(Data records)

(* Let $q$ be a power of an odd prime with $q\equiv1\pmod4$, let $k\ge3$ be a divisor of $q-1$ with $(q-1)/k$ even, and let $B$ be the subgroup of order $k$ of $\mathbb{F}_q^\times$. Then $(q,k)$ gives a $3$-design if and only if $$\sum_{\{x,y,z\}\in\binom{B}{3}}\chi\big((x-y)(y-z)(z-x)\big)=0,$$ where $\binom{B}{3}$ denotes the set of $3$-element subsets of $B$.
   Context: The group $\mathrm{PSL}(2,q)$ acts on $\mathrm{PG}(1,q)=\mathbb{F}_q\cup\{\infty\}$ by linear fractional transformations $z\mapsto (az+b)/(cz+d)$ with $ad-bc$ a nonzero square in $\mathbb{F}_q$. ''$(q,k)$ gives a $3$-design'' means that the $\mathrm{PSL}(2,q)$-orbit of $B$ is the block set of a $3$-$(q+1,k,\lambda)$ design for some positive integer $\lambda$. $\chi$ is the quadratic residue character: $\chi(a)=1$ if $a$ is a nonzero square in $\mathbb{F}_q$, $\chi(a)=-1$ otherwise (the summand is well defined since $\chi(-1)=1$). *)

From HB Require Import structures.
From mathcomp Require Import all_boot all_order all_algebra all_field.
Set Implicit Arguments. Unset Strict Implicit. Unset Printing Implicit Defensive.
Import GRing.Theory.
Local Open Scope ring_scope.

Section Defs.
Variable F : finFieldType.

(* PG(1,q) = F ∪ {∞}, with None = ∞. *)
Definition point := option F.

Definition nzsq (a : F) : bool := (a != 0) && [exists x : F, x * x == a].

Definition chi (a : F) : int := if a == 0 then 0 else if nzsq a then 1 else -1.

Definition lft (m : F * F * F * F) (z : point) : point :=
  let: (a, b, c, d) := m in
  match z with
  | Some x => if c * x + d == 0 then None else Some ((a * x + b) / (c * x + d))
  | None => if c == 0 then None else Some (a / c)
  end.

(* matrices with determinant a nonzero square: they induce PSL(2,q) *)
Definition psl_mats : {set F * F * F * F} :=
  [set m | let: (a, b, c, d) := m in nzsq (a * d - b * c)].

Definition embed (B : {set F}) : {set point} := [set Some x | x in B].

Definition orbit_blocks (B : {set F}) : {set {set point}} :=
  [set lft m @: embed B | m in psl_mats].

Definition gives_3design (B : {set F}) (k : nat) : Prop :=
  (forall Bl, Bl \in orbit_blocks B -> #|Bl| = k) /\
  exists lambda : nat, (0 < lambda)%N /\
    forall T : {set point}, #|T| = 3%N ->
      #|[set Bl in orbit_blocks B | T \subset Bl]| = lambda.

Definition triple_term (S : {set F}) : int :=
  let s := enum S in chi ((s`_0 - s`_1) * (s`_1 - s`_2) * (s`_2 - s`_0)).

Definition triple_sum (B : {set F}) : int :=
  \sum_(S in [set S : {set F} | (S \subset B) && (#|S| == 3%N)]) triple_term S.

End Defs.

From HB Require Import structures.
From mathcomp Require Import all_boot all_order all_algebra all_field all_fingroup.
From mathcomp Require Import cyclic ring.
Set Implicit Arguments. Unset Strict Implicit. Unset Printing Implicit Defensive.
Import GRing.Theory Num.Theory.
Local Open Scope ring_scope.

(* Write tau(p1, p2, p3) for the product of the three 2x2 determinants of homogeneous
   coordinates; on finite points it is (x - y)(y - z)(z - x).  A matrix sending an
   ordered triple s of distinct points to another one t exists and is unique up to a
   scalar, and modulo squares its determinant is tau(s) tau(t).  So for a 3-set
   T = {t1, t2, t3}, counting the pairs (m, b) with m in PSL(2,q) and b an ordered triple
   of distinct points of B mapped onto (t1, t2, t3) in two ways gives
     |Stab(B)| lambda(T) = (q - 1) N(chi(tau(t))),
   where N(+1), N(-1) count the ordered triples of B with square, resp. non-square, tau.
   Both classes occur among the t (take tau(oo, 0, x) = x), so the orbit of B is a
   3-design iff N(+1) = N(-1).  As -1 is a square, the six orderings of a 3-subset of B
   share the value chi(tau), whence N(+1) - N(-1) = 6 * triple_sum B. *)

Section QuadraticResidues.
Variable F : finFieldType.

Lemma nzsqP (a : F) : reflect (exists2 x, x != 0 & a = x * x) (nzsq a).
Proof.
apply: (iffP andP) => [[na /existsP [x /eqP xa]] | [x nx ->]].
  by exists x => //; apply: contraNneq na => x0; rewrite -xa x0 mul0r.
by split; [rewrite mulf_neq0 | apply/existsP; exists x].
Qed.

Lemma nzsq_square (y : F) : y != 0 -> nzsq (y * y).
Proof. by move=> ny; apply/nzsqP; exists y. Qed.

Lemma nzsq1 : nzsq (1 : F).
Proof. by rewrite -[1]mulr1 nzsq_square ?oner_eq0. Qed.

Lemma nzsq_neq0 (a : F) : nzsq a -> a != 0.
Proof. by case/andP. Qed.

(End Data records)

» Task to complete
The response should be a verbatim transcription of the data.

» Response to this exercise
(* Let $q$ be a power of an odd prime with $q\equiv1\pmod4$, let $k\ge3$ be a divisor of $q-1$ with $(q-1)/k$ even, and let $B$ be the subgroup of order $k$ of $\mathbb{F}_q^\times$. Then $(q,k)$ gives a $3$-design if and only if $$\sum_{\{x,y,z\}\in\binom{B}{3}}\chi\big((x-y)(y-z)(z-x)\big)=0,$$ where $\binom{B}{3}$ denotes the set of $3$-element subsets of $B$.
   Context: The group $\mathrm{PSL}(2,q)$ acts on $\mathrm{PG}(1,q)=\mathbb{F}_q\cup\{\infty\}$ by linear fractional transformations $z\mapsto (az+b)/(cz+d)$ with $ad-bc$ a nonzero square in $\mathbb{F}_q$. ''$(q,k)$ gives a $3$-design'' means that the $\mathrm{PSL}(2,q)$-orbit of $B$ is the block set of a $3$-$(q+1,k,\lambda)$ design for some positive integer $\lambda$. $\chi$ is the quadratic residue character: $\chi(a)=1$ if $a$ is a nonzero square in $\mathbb{F}_q$, $\chi(a)=-1$ otherwise (the summand is well defined since $\chi(-1)=1$). *)

From HB Require Import structures.
From mathcomp Require Import all_boot all_order all_algebra all_field.
Set Implicit Arguments. Unset Strict Implicit. Unset Printing Implicit Defensive.
Import GRing.Theory.
Local Open Scope ring_scope.

Section Defs.
Variable F : finFieldType.

(* PG(1,q) = F ∪ {∞}, with None = ∞. *)
Definition point := option F.

Definition nzsq (a : F) : bool := (a != 0) && [exists x : F, x * x == a].

Definition chi (a : F) : int := if a == 0 then 0 else if nzsq a then 1 else -1.

Definition lft (m : F * F * F * F) (z : point) : point :=
  let: (a, b, c, d) := m in
  match z with
  | Some x => if c * x + d == 0 then None else Some ((a * x + b) / (c * x + d))
  | None => if c == 0 then None else Some (a / c)
  end.

(* matrices with determinant a nonzero square: they induce PSL(2,q) *)
Definition psl_mats : {set F * F * F * F} :=
  [set m | let: (a, b, c, d) := m in nzsq (a * d - b * c)].

Definition embed (B : {set F}) : {set point} := [set Some x | x in B].

Definition orbit_blocks (B : {set F}) : {set {set point}} :=
  [set lft m @: embed B | m in psl_mats].

Definition gives_3design (B : {set F}) (k : nat) : Prop :=
  (forall Bl, Bl \in orbit_blocks B -> #|Bl| = k) /\
  exists lambda : nat, (0 < lambda)%N /\
    forall T : {set point}, #|T| = 3%N ->
      #|[set Bl in orbit_blocks B | T \subset Bl]| = lambda.

Definition triple_term (S : {set F}) : int :=
  let s := enum S in chi ((s`_0 - s`_1) * (s`_1 - s`_2) * (s`_2 - s`_0)).

Definition triple_sum (B : {set F}) : int :=
  \sum_(S in [set S : {set F} | (S \subset B) && (#|S| == 3%N)]) triple_term S.

End Defs.

From HB Require Import structures.
From mathcomp Require Import all_boot all_order all_algebra all_field all_fingroup.
From mathcomp Require Import cyclic ring.
Set Implicit Arguments. Unset Strict Implicit. Unset Printing Implicit Defensive.
Import GRing.Theory Num.Theory.
Local Open Scope ring_scope.

(* Write tau(p1, p2, p3) for the product of the three 2x2 determinants of homogeneous
   coordinates; on finite points it is (x - y)(y - z)(z - x).  A matrix sending an
   ordered triple s of distinct points to another one t exists and is unique up to a
   scalar, and modulo squares its determinant is tau(s) tau(t).  So for a 3-set
   T = {t1, t2, t3}, counting the pairs (m, b) with m in PSL(2,q) and b an ordered triple
   of distinct points of B mapped onto (t1, t2, t3) in two ways gives
     |Stab(B)| lambda(T) = (q - 1) N(chi(tau(t))),
   where N(+1), N(-1) count the ordered triples of B with square, resp. non-square, tau.
   Both classes occur among the t (take tau(oo, 0, x) = x), so the orbit of B is a
   3-design iff N(+1) = N(-1).  As -1 is a square, the six orderings of a 3-subset of B
   share the value chi(tau), whence N(+1) - N(-1) = 6 * triple_sum B. *)

Section QuadraticResidues.
Variable F : finFieldType.

Lemma nzsqP (a : F) : reflect (exists2 x, x != 0 & a = x * x) (nzsq a).
Proof.
apply: (iffP andP) => [[na /existsP [x /eqP xa]] | [x nx ->]].
  by exists x => //; apply: contraNneq na => x0; rewrite -xa x0 mul0r.
by split; [rewrite mulf_neq0 | apply/existsP; exists x].
Qed.

Lemma nzsq_square (y : F) : y != 0 -> nzsq (y * y).
Proof. by move=> ny; apply/nzsqP; exists y. Qed.

Lemma nzsq1 : nzsq (1 : F).
Proof. by rewrite -[1]mulr1 nzsq_square ?oner_eq0. Qed.

Lemma nzsq_neq0 (a : F) : nzsq a -> a != 0.
Proof. by case/andP. Qed.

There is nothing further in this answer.